[Exercise prompt]:
Copy out all lines bearing the word "deviation" from the listing below.
---*---
(* Telescoping the one-step defect through n contractive expert steps. *)
Lemma n_step_defect n :
  pmass (fun z => rhoI z - vmul rhoI (Ppow PE n) z) <= n%:R * deviation.
Proof.
have hPE := stochastic_Pmat kT (det_policy R piE).
elim: n => [|n IH].
  rewrite (@pmass_ext _ _ _ (fun _ => 0)); last by move=> z; rewrite vmul_Ppow0 subrr.
  by rewrite pmass_nneg // big1 // mul0r.
pose c z := rhoI z - vmul rhoI PE z.
rewrite (@pmass_ext _ _ _ (fun z => (rhoI z - vmul rhoI (Ppow PE n) z)
                                   + vmul c (Ppow PE n) z)); last first.
  move=> z; rewrite /c /vmul.
  have -> : \sum_s (rhoI s - \sum_s0 rhoI s0 * PE s0 s) * Ppow PE n s z =
    \sum_s rhoI s * Ppow PE n s z - \sum_s rhoI s * Ppow PE n.+1 s z.
    under eq_bigr do rewrite mulrBl.
    rewrite sumrB; congr (_ - _).
    transitivity (\sum_s \sum_s0 rhoI s0 * (PE s0 s * Ppow PE n s z)).
      by apply: eq_bigr => s _; rewrite mulr_suml; apply: eq_bigr => s0 _; rewrite mulrA.
    by rewrite exchange_big; apply: eq_bigr => s0 _; rewrite PpowSl mulr_sumr.
  ring.
apply: le_trans (pmass_add _ _) _.
rewrite -natr1 mulrDl mul1r; apply: lerD => //.
apply: le_trans (pmass_contract _ (Ppow_stochastic n hPE)) _.
exact: one_step_defect.
Qed.

(* State marginals: after tau expert steps rhoI - rhoE shrinks by 1/2 while
   rhoI itself moves by at most tau * deviation. *)
Lemma state_gap tau : mixing_ok PE rhoE tau ->
  pmass (fun z => rhoE z - rhoI z) <= 2 * tau%:R * deviation.
Proof.
move=> hmix; case: hrhoE => _ [e1 e2]; case: hrhoI => _ [i1 _].
have hPE := stochastic_Pmat kT (det_policy R piE).
have zero_sum : \sum_z (rhoI z - rhoE z) = 0 by rewrite sumrB i1 e1 subrr.
rewrite (@pmass_ext _ _ _ (fun z => - (rhoI z - rhoE z))); last by move=> z; rewrite opprB.
rewrite pmass_opp //; set L := pmass _.
have hsplit : L <= pmass (vmul (fun z => rhoI z - rhoE z) (Ppow PE tau)) +
                   pmass (fun z => rhoI z - vmul rhoI (Ppow PE tau) z).
  apply: le_trans (pmass_add _ _); rewrite le_eqVlt; apply/orP; left; apply/eqP.
  apply: pmass_ext => z; rewrite /vmul; under eq_bigr do rewrite mulrBl.
  by rewrite sumrB; have := vmul_Ppow_stationary tau e2 z; rewrite /vmul => ->; ring.
have hcontr := pmass_dobrushin (Ppow_stochastic tau hPE) zero_sum (mixing_oscillation hmix).
have := n_step_defect tau; have := pmass_ge0 (fun z => rhoI z - rhoE z).
rewrite -/L -mulrA in hcontr *; lra.
Qed.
---*---
[Output for this task]:
  pmass (fun z => rhoI z - vmul rhoI (Ppow PE n) z) <= n%:R * deviation.
   rhoI itself moves by at most tau * deviation. *)
  pmass (fun z => rhoE z - rhoI z) <= 2 * tau%:R * deviation.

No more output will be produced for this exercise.